FIG. 10 is a diagram for explaining the determination processing according to the first example. For example, the determination unit 304 sequentially receives the converted texts 1 to 8 as illustrated in FIG. 10 from the providing unit 306. In this example, the first threshold value is set to 100 characters.

When the determination unit 304 receives the converted text 4, as the number of characters of the converted text reached 100 characters through the processing of FIG. 9, the determination unit 304 sends the converted texts 1 to 4 to the generation unit 305 as the converted text group 1001. The generation unit 305 generates a summary obtained by summarizing the converted text group 1001.

Subsequently, when the determination unit 304 receives the converted texts 5 to 7 after resetting, as the number of characters of the converted text reached 100 characters, the determination unit 304 sends the converted texts 5 to 7 to the generation unit 305 as the converted text group 1002.

As described above, by setting the number of characters of the converted text to the threshold value, an amount of conversation to be summarized can be adjusted. The first threshold value (the number of characters to be summarized) may be set by the user.

Second Example

FIG. 11 is a flowchart illustrating example processing of determining, according to the second example. The processing of FIG. 11 is another example determination processing, in which the determination unit 304 of the summarizing server 100 determines whether the converted text converted by the conversion unit 303 satisfies a predetermined summarizing execution condition at S515 of FIG. 5.

In response to reception of a converted text from the providing unit 306 at S1101, the determination unit 304 performs S1102 and the subsequent steps.

At S1102, the determination unit 304 combines the plurality of converted texts received from the providing unit 306 to generate chunk data. Since processing of only one converted text is meaningless, a plurality of converted texts are collected as chunk data to be subject to the determination processing.

FIG. 12 is a diagram for explaining the determination processing according to the second example. For example, the determination unit 304 sequentially receives the converted texts 1 to 8 as illustrated in FIG. 12 from the providing unit 306. In the example of FIG. 12, the determination unit 304 sets three (an example of a predetermined number) converted texts, which are received most recently, as one chunk data. For example, the determination unit 304 sets the converted texts 1 to 3 as chunk data 1201 when the converted text 3 is received, and sets the converted texts 2 to 4 as chunk data 1202 when the converted text 4 is received. Similarly, the determination unit 304 sets the converted texts 3 to 5 as chunk data 1203 when the converted text 5 is received, and sets the converted texts 4 to 6 as chunk data 1204 when the converted text 6 is received.

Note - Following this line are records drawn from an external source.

(* Let $0\le\underline{\tau}<\overline{\tau}<\infty$, $\gamma\ge0$, let $f$ be a piecewise continuous probability density supported on $[\underline{\tau},\overline{\tau}]$, and let $\beta:[0,\infty)\to(0,\infty)$ be continuous and decreasing with $\lim_{x\to+\infty}\beta(x)=0$ and such that $x\mapsto x\beta(x)$ is Lipschitz. Assume $\delta>0$. Then every nonnegative continuous solution $x$ of $$x'(t)=-\big(\delta+\beta(x(t))\big)x(t)+2\int_{\underline{\tau}}^{\overline{\tau}}e^{-\gamma\tau}f(\tau)\beta(x(t-\tau))x(t-\tau)\,d\tau,\qquad t\ge\overline{\tau},$$ (with continuous nonnegative initial values on $[0,\overline{\tau}]$) is bounded, i.e. $\limsup_{t\to+\infty}x(t)<+\infty$. *)

From Stdlib Require Import Reals.
From Coquelicot Require Import Coquelicot.
Open Scope R_scope.

Definition piecewise_continuous (f : R -> R) (a b : R) : Prop :=
  exists (n : nat) (p : nat -> R),
    p 0%nat = a /\ p n = b /\
    (forall i, (i < n)%nat -> p i < p (S i)) /\
    (forall i, (i < n)%nat ->
       (forall t, p i < t < p (S i) -> continuous f t) /\
       (exists l, filterlim f (at_right (p i)) (locally l)) /\
       (exists r, filterlim f (at_left (p (S i))) (locally r))).

Definition prob_density_on (f : R -> R) (a b : R) : Prop :=
  (forall t, 0 <= f t) /\
  (forall t, t < a \/ b < t -> f t = 0) /\
  RInt f a b = 1.

Definition lipschitz_nonneg (g : R -> R) : Prop :=
  exists L, forall u v, 0 <= u -> 0 <= v -> Rabs (g u - g v) <= L * Rabs (u - v).

(* At a running maximum [ts] of [x] the derivative is nonnegative.  Since
   [u beta(u) = o(u)], the delayed term is at most [K + (delta/4) x(ts)], so the
   right-hand side of the equation is at most [2K - (delta/2) x(ts)], which is
   negative once [x(ts) > 4K/delta].  Hence [x] never exceeds the larger of
   [4K/delta] and its maximum on the initial interval [[0, tu]]. *)

From Stdlib Require Import Reals Lra Lia.
From Coquelicot Require Import Coquelicot.
Open Scope R_scope.

Definition extend_piece (f : R -> R) (a b l r t : R) : R :=
  if Rle_dec t a then l else if Rle_dec b t then r else f t.

Section PieceExtension.

Variables (f : R -> R) (a b l r : R).
Hypothesis Hab : a < b.
Hypothesis Hf : forall t, a < t < b -> continuous f t.
Hypothesis Hl : filterlim f (at_right a) (locally l).
Hypothesis Hr : filterlim f (at_left b) (locally r).

Lemma extend_piece_inside t : a < t < b -> extend_piece f a b l r t = f t.
Proof.
  intros Ht. unfold extend_piece.
  destruct (Rle_dec t a); [lra|]. destruct (Rle_dec b t); [lra|]. reflexivity.
Qed.

Lemma extend_piece_continuous z : a <= z <= b -> continuous (extend_piece f a b l r) z.
Proof.
  intros Hz.
  destruct (Req_dec z a) as [->|Hza]; [|destruct (Req_dec z b) as [->|Hzb]].
  - assert (Ea : extend_piece f a b l r a = l).
    { unfold extend_piece. destruct (Rle_dec a a); [reflexivity|lra]. }
    unfold continuous. rewrite Ea. apply filterlim_locally. intros eps.
    assert (Hnear : locally a (fun y => a < y -> ball l eps (f y)))
      by exact (Hl _ (locally_ball l eps)).
    apply (filter_imp (fun y => (a < y -> ball l eps (f y)) /\ y < b));
      [|exact (filter_and _ _ Hnear (open_lt b a Hab))].
    intros y [Hy Hyb]. destruct (Rle_dec y a) as [Hya|Hya].
    + unfold extend_piece. destruct (Rle_dec y a); [apply ball_center|lra].
    + rewrite extend_piece_inside by lra. apply Hy. lra.
  - assert (Eb : extend_piece f a b l r b = r).
    { unfold extend_piece. destruct (Rle_dec b a); [lra|].
      destruct (Rle_dec b b); [reflexivity|lra]. }
    unfold continuous. rewrite Eb. apply filterlim_locally. intros eps.
    assert (Hnear : locally b (fun y => y < b -> ball r eps (f y)))
      by exact (Hr _ (locally_ball r eps)).
    apply (filter_imp (fun y => (y < b -> ball r eps (f y)) /\ a < y));
      [|exact (filter_and _ _ Hnear (open_gt a b Hab))].
    intros y [Hy Hya]. destruct (Rle_dec b y) as [Hby|Hby].
    + unfold extend_piece. destruct (Rle_dec y a); [lra|].
      destruct (Rle_dec b y); [apply ball_center|lra].
    + rewrite extend_piece_inside by lra. apply Hy. lra.
  - apply (continuous_ext_loc _ f); [|apply Hf; lra].
    apply (filter_imp (fun y => a < y /\ y < b)).
    + intros y Hy. symmetry. apply extend_piece_inside. exact Hy.
    + apply (open_and _ _ (open_gt a) (open_lt b)). lra.
Qed.

Lemma ex_RInt_piece_mult (phi : R -> R) :
  (forall z, a <= z <= b -> continuous phi z) ->
  ex_RInt (fun t => f t * phi t) a b.
Proof.
  intros Hphi.
  apply (ex_RInt_ext (fun t => extend_piece f a b l r t * phi t)).
  - intros t Ht. rewrite Rmin_left, Rmax_right in Ht by lra.
    rewrite extend_piece_inside by exact Ht. reflexivity.
  - apply (@ex_RInt_continuous R_CompleteNormedModule). intros z Hz.
    rewrite Rmin_left, Rmax_right in Hz by lra.
    apply (continuous_mult (extend_piece f a b l r) phi);
      [apply extend_piece_continuous|apply Hphi]; exact Hz.
Qed.

End PieceExtension.

Lemma ex_RInt_piecewise_continuous_mult (f phi : R -> R) (a b : R) :
  piecewise_continuous f a b ->
  (forall z, a <= z <= b -> continuous phi z) ->
  ex_RInt (fun t => f t * phi t) a b.
Proof.
  intros [n [p [Hp0 [Hpn [Hinc Hpieces]]]]] Hphi.
  assert (Hmono : forall i j, (i <= j <= n)%nat -> p i <= p j).
  { intros i j [Hij Hjn]. induction Hij; [lra|].
    assert (p m < p (S m)) by (apply Hinc; lia).
    specialize (IHHij ltac:(lia)). lra. }
  assert (Hk : forall k, (k <= n)%nat -> ex_RInt (fun t => f t * phi t) (p 0%nat) (p k)).
  { induction k as [|k IHk]; intros Hkn; [apply ex_RInt_point|].
    apply ex_RInt_Chasles with (p k); [apply IHk; lia|].
    destruct (Hpieces k ltac:(lia)) as [Hc [[l Hl] [r Hr]]].
    apply (ex_RInt_piece_mult f _ _ l r); [apply Hinc; lia|exact Hc|exact Hl|exact Hr|].
    intros z Hz.
    assert (p 0%nat <= p k) by (apply Hmono; lia).
    assert (p (S k) <= p n) by (apply Hmono; lia).
    apply Hphi. lra. }
  rewrite <- Hp0, <- Hpn. apply Hk. lia.
Qed.

Lemma RInt_density_mult_le (f g : R -> R) (a b C : R) :
  a <= b -> piecewise_continuous f a b -> prob_density_on f a b ->
  (forall z, a <= z <= b -> continuous g z) ->
  (forall z, a <= z <= b -> g z <= C) ->
  RInt (fun t => f t * g t) a b <= C.
Proof.
  intros Hab Hpc [Hf0 [_ Hf1]] Hg HgC.
  assert (Hexf : ex_RInt f a b).
  { apply (ex_RInt_ext (fun t => f t * 1)); [intros t _; apply Rmult_1_r|].
    apply ex_RInt_piecewise_continuous_mult; [exact Hpc|intros; apply continuous_const]. }
  assert (Hmass : RInt (fun t => scal C (f t)) a b = C).
  { rewrite (@RInt_scal R_CompleteNormedModule), Hf1 by exact Hexf.
    change (C * 1 = C). ring. }
  rewrite <- Hmass. apply RInt_le.
  - exact Hab.
  - apply ex_RInt_piecewise_continuous_mult; assumption.
  - apply (@ex_RInt_scal R_NormedModule). exact Hexf.
  - intros t Ht. change (scal C (f t)) with (C * f t). rewrite Rmult_comm.
    apply Rmult_le_compat_r; [apply Hf0|apply HgC; lra].
Qed.

Lemma mul_decreasing_to_zero_sublinear (beta : R -> R) (eps : R) :
  (forall u, 0 <= u -> 0 < beta u) ->
  (forall u v, 0 <= u -> u <= v -> beta v <= beta u) ->
  is_lim beta p_infty 0 -> 0 < eps ->
  exists K, forall u M, 0 <= u <= M -> u * beta u <= K + eps * M.
Proof.
  intros Hpos Hdecr Hlim Heps.
  destruct (Hlim (fun y => Rabs (y - 0) < eps)) as [A HA].
  { exists (mkposreal _ Heps). intros y Hy. exact Hy. }
  set (A' := Rmax 0 A).
  assert (HA' : 0 <= A' /\ A <= A') by (split; [apply Rmax_l|apply Rmax_r]).
  assert (Hb0 : 0 < beta 0) by (apply Hpos; lra).
  exists (A' * beta 0). intros u M [Hu HuM].
  assert (Hbu := Hpos u Hu).
  destruct (Rle_or_lt u A') as [Hsmall|Hlarge].
  - assert (beta u <= beta 0) by (apply Hdecr; lra). nra.
  - assert (Hbeps := HA u ltac:(lra)). simpl in Hbeps.
    apply Rabs_def2 in Hbeps. nra.
Qed.

Lemma running_max_exists (x : R -> R) (t : R) :
  (forall s, 0 <= s -> filterlim x (within (fun u => 0 <= u) (locally s)) (locally (x s))) ->
  0 <= t -> exists ts, 0 <= ts <= t /\ forall s, 0 <= s <= t -> x s <= x ts.
Proof.
  intros Hx Ht.
  set (h := fun s => x (Rmax 0 s)).
  assert (Hh : forall c, continuity_pt h c).
  { intros c. apply continuity_pt_filterlim. unfold h.
    apply (filterlim_comp _ _ _ (Rmax 0) x _
             (within (fun u => 0 <= u) (locally (Rmax 0 c)))); [|apply Hx, Rmax_l].
    intros P [eps HP]. exists eps. intros y Hy. apply HP; [|apply Rmax_l].
    change (Rabs (Rmax 0 y - Rmax 0 c) < eps). change (Rabs (y - c) < eps) in Hy.
    eapply Rle_lt_trans; [|exact Hy].
    unfold Rmax. destruct (Rle_dec 0 y), (Rle_dec 0 c);
      unfold Rabs; repeat destruct Rcase_abs; lra. }
  destruct (continuity_ab_maj h 0 t Ht (fun c _ => Hh c)) as [ts [Hmax Hts]].
  exists ts. split; [exact Hts|]. intros s Hs.
  specialize (Hmax s Hs). unfold h in Hmax.
  rewrite !Rmax_right in Hmax by lra. exact Hmax.
Qed.

Lemma is_derive_nonneg_at_left_max (x : R -> R) (t l d : R) :
  is_derive x t l -> 0 < d -> (forall s, t - d < s < t -> x s <= x t) -> 0 <= l.
Proof.
  intros Hder Hd Hmax.
  destruct (Rle_or_lt 0 l) as [|Hl]; [assumption|exfalso].
  apply is_derive_Reals in Hder.
  destruct (Hder (- l / 2)) as [e He]; [lra|].
  assert (He0 := cond_pos e).
  set (h := - Rmin (e / 2) (d / 2)).
  assert (Hmin : 0 < Rmin (e / 2) (d / 2) <= e / 2 /\ Rmin (e / 2) (d / 2) <= d / 2).
  { split; [split; [apply Rmin_glb_lt; lra|apply Rmin_l]|apply Rmin_r]. }
  assert (Hq := He h ltac:(unfold h; lra) ltac:(rewrite Rabs_left; unfold h; lra)).
  assert (Hq0 : 0 <= (x (t + h) - x t) / h).
  { replace ((x (t + h) - x t) / h) with ((x t - x (t + h)) * / (- h))
      by (field; unfold h; lra).
    apply Rmult_le_pos.
    - assert (x (t + h) <= x t) by (apply Hmax; unfold h; lra). lra.
    - left. apply Rinv_0_lt_compat. unfold h. lra. }
  apply Rabs_def2 in Hq. lra.
Qed.

Lemma continuous_of_within_nonneg (x : R -> R) (s : R) : 0 < s ->
  filterlim x (within (fun u => 0 <= u) (locally s)) (locally (x s)) -> continuous x s.
Proof.
  intros Hs Hx P HP. change (locally s (fun u => P (x u))).
  apply (filter_imp (fun u => 0 < u /\ (0 <= u -> P (x u)))).
  - intros u [Hu HPu]. apply HPu. lra.
  - apply filter_and; [exact (open_gt 0 s Hs)|exact (Hx P HP)].
Qed.

Lemma lipschitz_nonneg_comp_continuous (g x : R -> R) (s : R) :
  lipschitz_nonneg g -> locally s (fun y => 0 <= x y) -> continuous x s ->
  continuous (fun y => g (x y)) s.
Proof.
  intros [L HL] Hpos Hx.
  assert (HL1 : 0 < Rabs L + 1) by (assert (0 <= Rabs L) by apply Rabs_pos; lra).
  assert (Hxs : 0 <= x s) by exact (locally_singleton _ _ Hpos).
  apply filterlim_locally. intros eps.
  assert (Hd : 0 < eps / (Rabs L + 1)) by (apply Rdiv_lt_0_compat; [apply cond_pos|lra]).
  apply (filter_imp (fun y => 0 <= x y /\ ball (x s) (mkposreal _ Hd) (x y)));
    [|exact (filter_and _ _ Hpos (proj1 (filterlim_locally _ _) Hx (mkposreal _ Hd)))].
  intros y [Hy Hxy].
  change (Rabs (g (x y) - g (x s)) < eps).
  change (Rabs (x y - x s) < eps / (Rabs L + 1)) in Hxy.
  assert (Habs : 0 <= Rabs (x y - x s)) by apply Rabs_pos.
  assert (HLabs : L <= Rabs L) by apply Rle_abs.
  eapply Rle_lt_trans; [apply HL; assumption|].
  apply Rle_lt_trans with ((Rabs L + 1) * Rabs (x y - x s)); [nra|].
  replace (pos eps) with ((Rabs L + 1) * (eps / (Rabs L + 1))) by (field; lra).
  apply Rmult_lt_compat_l; assumption.
Qed.

Lemma delay_integral_le (tl tu gamma ts C : R) (f beta x : R -> R) :
  0 <= tl -> tl < tu -> 0 <= gamma -> tu < ts ->
  piecewise_continuous f tl tu -> prob_density_on f tl tu ->
  (forall u, 0 <= u -> 0 <= beta u) -> lipschitz_nonneg (fun u => u * beta u) ->
  (forall s, 0 <= s -> 0 <= x s) -> (forall s, 0 < s -> continuous x s) ->
  (forall tau, tl <= tau <= tu -> x (ts - tau) * beta (x (ts - tau)) <= C) ->
  RInt (fun tau => exp (- gamma * tau) * f tau * beta (x (ts - tau)) * x (ts - tau))
    tl tu <= C.
Proof.
  intros Htl Htlu Hgamma Hts Hpc Hdens Hbeta Hlip Hx0 Hx HC.
  set (phi := fun tau => exp (- gamma * tau) * (x (ts - tau) * beta (x (ts - tau)))).
  assert (Hphi : forall tau, exp (- gamma * tau) * f tau * beta (x (ts - tau)) * x (ts - tau)
                             = f tau * phi tau) by (intros; unfold phi; ring).
  rewrite (RInt_ext _ _ _ _ (fun tau _ => Hphi tau)).
  apply RInt_density_mult_le; [lra|exact Hpc|exact Hdens| |].
  - intros z Hz. unfold phi.
    apply (continuous_mult (fun tau => exp (- gamma * tau))
                           (fun tau => x (ts - tau) * beta (x (ts - tau)))).
    { apply (@ex_derive_continuous R_AbsRing R_NormedModule). auto_derive. trivial. }
    apply (continuous_comp (fun tau => ts - tau) (fun s => x s * beta (x s))).
    { apply (@ex_derive_continuous R_AbsRing R_NormedModule). auto_derive. trivial. }
    apply (lipschitz_nonneg_comp_continuous (fun u => u * beta u)); [exact Hlip| |apply Hx; lra].
    apply (filter_imp (fun y => 0 < y)); [intros y Hy; apply Hx0; lra|].
    apply open_gt. lra.
  - intros tau Htau. unfold phi.
    assert (Hexp : exp (- gamma * tau) <= 1).
    { rewrite <- exp_0. assert (Hneg : - gamma * tau <= 0) by nra.
      destruct (Rle_lt_or_eq_dec _ _ Hneg) as [Hlt|Heq].
      - left. apply exp_increasing, Hlt.
      - rewrite Heq. apply Rle_refl. }
    assert (Hxt : 0 <= x (ts - tau)) by (apply Hx0; lra).
    assert (0 <= x (ts - tau) * beta (x (ts - tau))) by (apply Rmult_le_pos; auto).
    assert (0 < exp (- gamma * tau)) by apply exp_pos.
    specialize (HC tau Htau). nra.
Qed.

Theorem proposition2p2
  (tl tu gamma delta : R) (f beta x : R -> R)
  (Htl : 0 <= tl) (Htlu : tl < tu) (Hgamma : 0 <= gamma)
  (Hf_pc : piecewise_continuous f tl tu)
  (Hf_dens : prob_density_on f tl tu)
  (Hbeta_pos : forall u, 0 <= u -> 0 < beta u)
  (Hbeta_cont : forall u, 0 <= u ->
      filterlim beta (within (fun s => 0 <= s) (locally u)) (locally (beta u)))
  (Hbeta_decr : forall u v, 0 <= u -> u <= v -> beta v <= beta u)
  (Hbeta_lim : is_lim beta p_infty 0)
  (Hbeta_lip : lipschitz_nonneg (fun u => u * beta u))
  (Hdelta : 0 < delta)
  (Hx_nonneg : forall t, 0 <= t -> 0 <= x t)
  (Hx_cont : forall t, 0 <= t ->
      filterlim x (within (fun s => 0 <= s) (locally t)) (locally (x t)))
  (Hx_ode : forall t, tu < t ->
      is_derive x t
        (- (delta + beta (x t)) * x t
         + 2 * RInt (fun tau => exp (- gamma * tau) * f tau
                                * beta (x (t - tau)) * x (t - tau)) tl tu)) :
  exists M : R, forall t, 0 <= t -> x t <= M.
Proof.
  destruct (mul_decreasing_to_zero_sublinear beta (delta / 4)
              Hbeta_pos Hbeta_decr Hbeta_lim ltac:(lra)) as [K HK].
  destruct (running_max_exists x tu Hx_cont ltac:(lra)) as [t0 [_ Hinit]].
  exists (Rmax (x t0) (4 * K / delta)). intros t Ht.
  destruct (running_max_exists x t Hx_cont Ht) as [ts [Hts Hmax]].
  apply Rle_trans with (x ts); [apply Hmax; lra|].
  destruct (Rle_or_lt (x ts) (4 * K / delta)) as [Hsmall|Hbig].
  { eapply Rle_trans; [exact Hsmall|apply Rmax_r]. }
  destruct (Rle_or_lt ts tu) as [Hearly|Hlate].
  { eapply Rle_trans; [apply Hinit; lra|apply Rmax_l]. }
  exfalso.
  assert (Hslope := is_derive_nonneg_at_left_max x ts _ ts (Hx_ode ts Hlate)
                      ltac:(lra) ltac:(intros s Hs; apply Hmax; lra)).
  assert (Hdelay := delay_integral_le tl tu gamma ts (K + delta / 4 * x ts) f beta x
            Htl Htlu Hgamma Hlate Hf_pc Hf_dens
            (fun u Hu => Rlt_le _ _ (Hbeta_pos u Hu)) Hbeta_lip Hx_nonneg
            (fun s Hs => continuous_of_within_nonneg x s Hs (Hx_cont s ltac:(lra)))
            ltac:(intros tau Htau;
                  apply HK; split; [apply Hx_nonneg|apply Hmax]; lra)).
  assert (Hxts : 0 <= x ts) by (apply Hx_nonneg; lra).
  assert (0 <= beta (x ts) * x ts) by (apply Rmult_le_pos; [apply Rlt_le, Hbeta_pos|]; lra).
  apply Rlt_div_l in Hbig; [|lra].
  nra.
Qed.
Lemma exchange_big_nat_triangle (V : nmodType) (F : nat -> nat -> V) r n :
  \sum_(r <= u < n) \sum_(r <= t < u.+1) F t u =
  \sum_(r <= t < n) \sum_(t <= u < n) F t u.
Proof.
elim: n => [|n IH]; first by rewrite !big_geq.
have [le_rn|lt_nr] := leqP r n; last by rewrite !big_geq.
rewrite big_nat_recr //= IH.
rewrite [RHS](eq_big_nat _ _ (F2 := fun t => \sum_(t <= u < n) F t u + F t n));
  last by move=> t /andP[_ lt_tn]; rewrite big_nat_recr.
rewrite big_split /= big_nat_recr //=; congr (_ + _).
by rewrite big_nat_recr //= [X in _ = _ + X]big_geq // addr0.
Qed.

Lemma imulA X Y Z : imul (imul X Y) Z = imul X (imul Y Z).
Proof.
apply: functional_extensionality => r; apply: functional_extensionality => s.
rewrite /imul; under eq_bigr => u _ do rewrite mulmx_suml.
under [RHS]eq_bigr => t _ do rewrite mulmx_sumr.
rewrite exchange_big_nat_triangle; apply: eq_bigr => t _; apply: eq_bigr => u _.
by rewrite mulmxA.
Qed.

Lemma ione_upper : upper ione.
Proof. by move=> r s lt_sr; rewrite /ione ifN // neq_ltn lt_sr orbT. Qed.

Lemma imul1m Y : upper Y -> imul ione Y = Y.
Proof.
move=> uY; apply: functional_extensionality => r; apply: functional_extensionality => s.
rewrite /imul; have [le_rs|lt_sr] := leqP r s; last by rewrite big_geq // uY.
rewrite big_ltn ?ltnS // /ione eqxx mul1mx big_nat_cond big1 ?addr0 //.
by move=> t /andP[/andP[lt_rt _] _]; rewrite ifN ?mul0mx // neq_ltn lt_rt.
Qed.

Lemma imulm1 Y : upper Y -> imul Y ione = Y.
Proof.
move=> uY; apply: functional_extensionality => r; apply: functional_extensionality => s.
rewrite /imul; have [le_rs|lt_sr] := leqP r s; last by rewrite big_geq // uY.
rewrite big_nat_recr //= /ione eqxx mulmx1 big_nat_cond big1 ?add0r //.
by move=> t /andP[/andP[_ lt_ts] _]; rewrite ifN ?mulmx0 // neq_ltn lt_ts.
Qed.

Lemma ipow_upper X n : upper (ipow X n).
Proof. by case: n => [|n]; [exact: ione_upper | exact: imul_upper]. Qed.

Lemma ipowD X a b : ipow X (a + b) = imul (ipow X a) (ipow X b).
Proof.
elim: a => [|a IH]; first by rewrite add0n /= imul1m //; exact: ipow_upper.
by rewrite addSn /= IH imulA.
Qed.

Lemma ipow_periodic3 X n : periodic3 X -> periodic3 (ipow X n).
Proof.
move=> pX; elim: n => [|n IH]; last exact: imul_periodic3.
by move=> r s; rewrite /= /ione eqn_add2r.
Qed.

Lemma big_nat_single (V : nmodType) m n j (F : nat -> V) : (m <= j < n)%N ->
  (forall t, (m <= t < n)%N -> t != j -> F t = 0) -> \sum_(m <= t < n) F t = F j.
Proof.
move=> mn_j F0; rewrite (bigD1_seq j) ?mem_index_iota ?iota_uniq //= big_seq_cond.
by rewrite big1 ?addr0 // => t /andP[]; rewrite mem_index_iota; exact: F0.
Qed.

(* In characteristic 2 the two boundary terms [1 * Y r s] and [Y r s * 1] cancel. *)
Lemma imul_sqr_interior Y r k : in_group Y -> (0 < k)%N ->
  imul Y Y r (r + k)%N = \sum_(r.+1 <= t < r + k) Y r t *m Y t (r + k)%N.
Proof.
case=> dY _ _ k_gt0; rewrite /imul big_ltn ?ltnS ?leq_addr // big_nat_recr /=; last by lia.
by rewrite !dY mul1mx mulmx1 addrCA addrr_pchar2 ?addr0 // blk_pchar2.
Qed.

In this way, the determination unit 304 may set the predetermined number of converted texts that are received most recently as one chunk data. In another example, when the number of characters of the plurality of received converted texts reaches a predetermined number of characters, the determination unit 304 may set the plurality of received converted texts as one chunk data.

When creating chunk data, the determination unit 304 may simply combine a plurality of converted texts into the chunk data, or may input a plurality of converted texts to the generation unit 305 to summarize.

At S1103 of FIG. 11, the determination unit 304 vectorizes the generated chunk data to calculate the similarity. For example, the determination unit 304 calculates the similarity between the generated chunk data and the chunk data generated last time. For example, in FIG. 12, when the converted text 4 is received and the chunk data 1202 is created, the determination unit 304 calculates the similarity between the chunk data 1202 and the chunk data 1201.

As a method of vectorizing chunk data, for example, chunk data is divided into words, and a vector value is calculated from the divided words. As a method of calculating the vector value, for example, any known natural language process such as Bag of Words or BERT (Bidirectional Encoder Representations from Transformers) may be applied.

At S1104 of FIG. 11, the determination unit 304 determines whether the calculated similarity is less than a second threshold value. It is assumed that the second threshold value is previously set to a value indicating that the similarity between chunk data is low. When the similarity is not less than the second threshold value (“NO” at S1104), the determination unit 304 returns the processing to S1101. When the similarity is less than the second threshold value (“YES” at S1104), the determination unit 304 proceeds the processing to S1105.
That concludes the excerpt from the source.